Of the customers who did read the company’s blog, all indicated that that the content was useful, with two-thirds saying it was either “very useful” or “extremely useful.” When asked what other types of content they would like to see, they offered a variety of suggestions that the company is now actively working to incorporate. Surprising, however, was that less than half (45%) of customers actually read the company’s blog. In the comments section, customers wrote things like, “I don't recall seeing your blog,” and “I didn’t know it existed.”

This was a real surprise considering that the blog contained information the company’s customers saw as valuable and the company had been sending out weekly emails featuring a new blog post each week. These emails had a strong 28%–30% open rate, and customers were clearly reading and enjoying the content. How could so many customers be reading the blog, finding it valuable, and not know that the blog itself existed?

A look at the layout of its blog posts revealed the answer:  When customers clicked through the links, the posts just looked like any other type of web content.
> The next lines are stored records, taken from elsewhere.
Lemma distinct_columns_gap_points n m A r : distinct_columns n m A ->
  exists Y : nat -> nat -> nat -> R, forall i k, (i < m)%nat -> (k < m)%nat -> i <> k ->
    expo n A i (Y i k) - expo n A k (Y i k) = r.
Proof.
  intros Hdist.
  assert (Hpt : forall i k, exists y, (i < m)%nat -> (k < m)%nat -> i <> k ->
                  expo n A i y - expo n A k y = r).
  { intros i k. destruct (classic ((i < m)%nat /\ (k < m)%nat /\ i <> k)) as [[Hi [Hk Hik]]|Hn].
    - destruct (Hdist i k Hi Hk Hik) as [j [Hj Hji]].
      exists (fun j' => if Nat.eqb j' j then r / (A j i - A j k) else 0). intros _ _ _.
      unfold expo. rewrite <- sumR_minus, (sumR_single n _ j Hj), Nat.eqb_refl.
      + field. intros H. apply Hji. lra.
      + intros j' _ Hj'. destruct (Nat.eqb_spec j' j); [lia | ring].
    - exists (fun _ => 0). intros Hi Hk Hik. tauto. }
  destruct (choice _ (fun i => choice _ (Hpt i))) as [Y HY].
  exists Y. intros i k. exact (HY i k).
Qed.

Section Probes.
Variables (n m : nat) (A : nat -> nat -> R) (Y : nat -> nat -> nat -> R).
(* The gap [ln (m+1)] is what [offdiag_le_probe] needs: summing over [i] gives
   [m c_k + (m+1) offdiag <= probe], and [c_k + offdiag >= 0] (evaluation at [x = 0]). *)
Hypothesis HY : forall i k, (i < m)%nat -> (k < m)%nat -> i <> k ->
  expo n A i (Y i k) - expo n A k (Y i k) = ln (INR (S m)).

Definition probe (k : nat) (c : nat -> R) : R :=
  sumR m (fun i => exp (- expo n A k (Y i k)) * Sig n m A c (Y i k)).

Lemma probe_msum k cs : probe k (msum m cs) = sumR m (fun j => probe k (cs j)).
Proof.
  unfold probe. rewrite <- sumR_swap. apply sumR_ext. intros i _.
  rewrite Sig_msum, <- sumR_scal. reflexivity.
Qed.

Lemma probe_NNS_nonneg k c : C_NNS n m A c -> 0 <= probe k c.
Proof.
  intros Hc. apply sumR_nonneg. intros i _. apply Rmult_le_pos; [apply Rlt_le, exp_pos | apply Hc].
Qed.

Lemma probe_le k c d : (forall i, (i < m)%nat -> c i <= d i) -> probe k c <= probe k d.
Proof.
  intros H. apply sumR_le. intros i _. apply Rmult_le_compat_l; [apply Rlt_le, exp_pos|].
  apply sumR_le. intros l Hl. apply Rmult_le_compat_r; [apply Rlt_le, exp_pos | auto].
Qed.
There was no “subscribe to our blog” link or other tag to indicate that these were part of a blog. Furthermore, the call to action at the end of each post was to “subscribe to our newsletter.” So customers were opening the emails, clicking through to what they thought was newsletter content, and then thinking that’s all there was to it.

This answered two major questions that had been lingering:

  • Why is SEO driving traffic to individual blog posts, but not to the rest of the website?
  • Why are customers reading individual blog posts but not realizing that the company has a blog?

These were important revelations that would ultimately lead to important changes in the format of the posts and to the development of a strategy to draw potential customers as subscribers to the blog and to educate current customers about the blog so they could take advantage of all of its content.

For Insights, Dig Deeper

Ultimately, the use of Google Analytics led to important revelations, confirmation that the company was providing valuable content of use to its customers (and many other readers around the world!), and additions that would improve this engagement even further. But those insights were the result of seeing anomalies and using them as jumping off points to start asking deeper questions and following the clues to the hidden insights to which they led.

So if your New Year’s marketing resolution is to tap into the power of Google Analytics, go for it! But do more than look at the surface numbers.